Amazon logo Sakurai, J. J. Modern Quantum Mechanics. Reading, MA: Addison-Wesley Pub., 1994. ISBN: 9780201539295.
(Good treatment of the two-state system - copies of this section will be provided - but this text is somewhat more advanced than 8.05 in other respects.)

Amazon logo Gasiorowicz, Stephen. Quantum Physics. 3rd ed. Hoboken, NJ: Wiley, 2003. ISBN: 9780471057000.
(Familiar from 8.04.)

Prerequisites and Review Material

You must complete Quantum Mechanics I (8.04) with a grade of C or better before taking 8.05. Familiarity with Linear Algebra (18.06) will be very helpful. If you are rusty and would like to review material covered in 8.04, you should read Chapters 1-2 of Griffiths.
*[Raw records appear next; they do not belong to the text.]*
Lemma sum_edges_endpoints (f : vert G -> nat) :
  \sum_(p in edges G) (f p.1 + f p.2) = \sum_(x : vert G) deg x * f x.
Proof.
apply/eqP; rewrite -(eqn_pmul2l (isT : 0 < 2)); apply/eqP.
rewrite (@double_sum_edges (fun x y => f x + f y)); last by move=> x y; rewrite addnC.
under eq_bigr do rewrite big_split /=.
rewrite big_split /= [X in _ + X](exchange_big_dep xpredT) //= mul2n -addnn.
congr (_ + _); apply: eq_bigr => x _; rewrite -sum_adj_const //.
by apply: eq_bigl => y; rewrite adj_sym.
Qed.

End SimpleGraph.

Lemma neutral_of_edge_sums (G : graph) :
  0 < nedges G ->
  \sum_(p in edges G) (deg p.1 + deg p.2) = 4 * nedges G ->
  \sum_(p in edges G) deg p.1 * deg p.2 = 4 * nedges G ->
  \sum_(p in edges G) (deg p.1 ^ 2 + deg p.2 ^ 2) != 8 * nedges G ->
  neutral G.
Proof.
move=> m_gt0 sum_add sum_mul sum_sq.
set m := nedges G in m_gt0 sum_add sum_mul sum_sq.
have mR : (m%:R : rat) != 0%R by rewrite pnatr_eq0 -lt0n.
have half_sum : avg_half_sum G = 2%R.
  by rewrite /avg_half_sum -mulr_suml -natr_sum sum_add natrM; field.
have den : assort_den G != 0%R.
  rewrite /assort_den half_sum /avg_half_sq -mulr_suml -natr_sum subr_eq0.
  apply: contra sum_sq => /eqP sq; rewrite -(eqr_nat rat) natrM; apply/eqP.
  set S := ((\sum_(p in edges G) _)%:R)%R in sq *.
  have -> : S = (S / 2 / m%:R * (2 * m%:R))%R by field.
  by rewrite sq; ring.
split => //.
rewrite /assortativity /assort_num half_sum /avg_prod -natr_sum sum_mul natrM.
by apply/eqP; rewrite mulf_eq0 subr_eq0; apply/orP; left; apply/eqP; field.
Qed.

(* [d (d - 2)^2 >= 0], strictly unless [d] is [0] or [2]. *)
Lemma cube_excess (d : nat) : 4 * (d * d) + ((d != 0) && (d != 2)) <= d * d ^ 2 + 4 * d.
Proof. by case: d => [|[|[|d]]] //=; nia. Qed.

Definition deg2_balanced (G : graph) : Prop :=
  [/\ simple_graph G,
      forall x y : vert G, adj G x y -> deg x = 2 \/ deg y = 2,
      \sum_(x : vert G) deg x * deg x = \sum_(x : vert G) 2 * deg x
    & exists2 w : vert G, deg w != 0 & deg w != 2].

Lemma deg2_balanced_neutral (G : graph) : deg2_balanced G -> neutral G.
Proof.
case=> -[adj_sym adj_irr] deg2 sum_sq [w w0 w2].
have two_m := handshake adj_sym adj_irr.
have sum_add : \sum_(p in edges G) (deg p.1 + deg p.2) = 4 * nedges G.
  by rewrite sum_edges_endpoints // sum_sq -big_distrr /= -two_m mulnA.
apply: neutral_of_edge_sums => //.
- by rewrite -(ltn_pmul2l (isT : 0 < 2)) two_m (bigD1 w) //=; move: w0; lia.
- have : \sum_(p in edges G) (deg p.1 * deg p.2 + 4)
         = \sum_(p in edges G) 2 * (deg p.1 + deg p.2).
    by apply: eq_bigr => p /edges_adj/deg2 [->|->]; lia.
  by rewrite big_split sum_nat_const -/(nedges G) -big_distrr /= sum_add; lia.
- rewrite (sum_edges_endpoints adj_sym adj_irr (fun x => deg x ^ 2)).
  apply/eqP => sum_cube.
  have : \sum_(x : vert G) (4 * (deg x * deg x) + ((deg x != 0) && (deg x != 2)))
         <= \sum_(x : vert G) (deg x * deg x ^ 2 + 4 * deg x).
    by apply: leq_sum => x _; apply: cube_excess.
  rewrite big_split [X in _ <= X]big_split /= -!big_distrr /= sum_cube sum_sq.
  by rewrite -big_distrr /= -two_m (bigD1 w) //= w0 w2; lia.
Qed.

Section SingleEdgeDivision.
Variable G : graph.
Hypothesis adj_sym : symmetric (adj G).
Hypothesis adj_irr : irreflexive (adj G).
Variables u v : vert G.
Hypothesis uv : adj G u v.

Let on_uv (a b : vert G) := ((a == u) && (b == v)) || ((a == v) && (b == u)).

Lemma sdiv1_simple : simple_graph (sdiv1 u v).
Proof.
split; last by case=> [a|] //=; rewrite adj_irr.
case=> [a|] [b|] //=; rewrite adj_sym; congr (_ && ~~ _).
by rewrite orbC [(b == u) && _]andbC [(b == v) && _]andbC.
Qed.

Lemma on_uv_inj (a b c : vert G) : on_uv a b -> on_uv a c -> b = c.
Proof.
have u_neq_v := adj_neq adj_irr uv.
by case/orP=> /andP[/eqP-> /eqP->] /orP[]/andP[/eqP a_eq /eqP->] //;
  move: u_neq_v; rewrite a_eq eqxx.
Qed.

Lemma deg_sdiv1_None : deg (None : vert (sdiv1 u v)) = 2.
Proof.
rewrite /deg (_ : [set y | _] = [set Some u; Some v]).
  by rewrite cards2 (inj_eq (@Some_inj _)) (adj_neq adj_irr uv).
by apply/setP => -[b|]; rewrite !inE //= (inj_eq (@Some_inj _)).
Qed.

Lemma deg_sdiv1_Some (a : vert G) : deg (Some a : vert (sdiv1 u v)) = deg a.
Proof.
pose h b : vert (sdiv1 u v) := if on_uv a b then None else Some b.
rewrite /deg -[RHS](@card_in_imset _ _ h); last first.
  move=> b c _ _; rewrite /h.
  case: ifP => ab; case: ifP => ac //; last by case.
  by move=> _; apply: on_uv_inj ab ac.
apply: eq_card => -[b|]; rewrite inE /=; apply/idP/imsetP.
- by case/andP=> ab not_uv; exists b; rewrite ?inE // /h ifN.
- by case=> c; rewrite inE /h => ac; case: ifP => // not_uv [->]; rewrite ac; apply/negbT.
- rewrite /h /on_uv => /orP[]/eqP->; [exists v | exists u];
    by rewrite ?inE ?eqxx ?orbT // adj_sym.
- by case=> c _; rewrite /h; case: ifP => // /orP[]/andP[-> _]; rewrite ?orbT.
Qed.

End SingleEdgeDivision.

Lemma deg2_balanced_sdiv1 (G : graph) (u v : vert G) :
  deg2_balanced G -> adj G u v -> deg2_balanced (sdiv1 u v).
Proof.
case=> -[adj_sym adj_irr] deg2 sum_sq [w w0 w2] uv.
have degN := deg_sdiv1_None adj_irr uv.
have degS := deg_sdiv1_Some adj_sym adj_irr uv.
split.
- exact: sdiv1_simple.
- move=> [a|] [b|] //= ab; rewrite ?degN ?degS;
    [by case/andP: ab => /deg2 | by right | by left].
- rewrite !big_option degN; under eq_bigr do rewrite degS.
  by under [in RHS]eq_bigr do rewrite degS; rewrite sum_sq.
- by exists (Some w); rewrite degS.
Qed.

Section Subdivision.
Variable T : graph.
Hypothesis adj_sym : symmetric (adj T).
Hypothesis adj_irr : irreflexive (adj T).
Variable n : nat.
Local Notation Ts := (subdiv n.+1 T).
If you want instead to review from a source that is more familiar from 8.04, reread Chapters 3, 4, 5, 7 of Liboff or Chapters 2-5 of Gasiorowicz.

Grading and Exams

Grades will be determined by a weighted average of problem sets, a midterm, and a final exam as shown in the table below:

Problem Sets 35%
Midterm 25%
Final Exam 40%


The faculty may alter grades to react class participation, improvement, effort and other qualitative measures of performance.

Problem Sets

Problem sets are a very important part of 8.05. We believe that sitting down yourself and trying to reason your way through a problem not only helps you learn the material deeply, but also develops analytical tools fundamental to a successful career in science. We recognize that students also learn a great deal from talking to and working with each other. We therefore encourage each 8.05 student to make his/her own attempt on every problem and then, having done so, to discuss the problems with one another and collaborate on understanding them more fully. The solutions you submit must reflect your own work. They must not be transcriptions or reproductions of other people's work.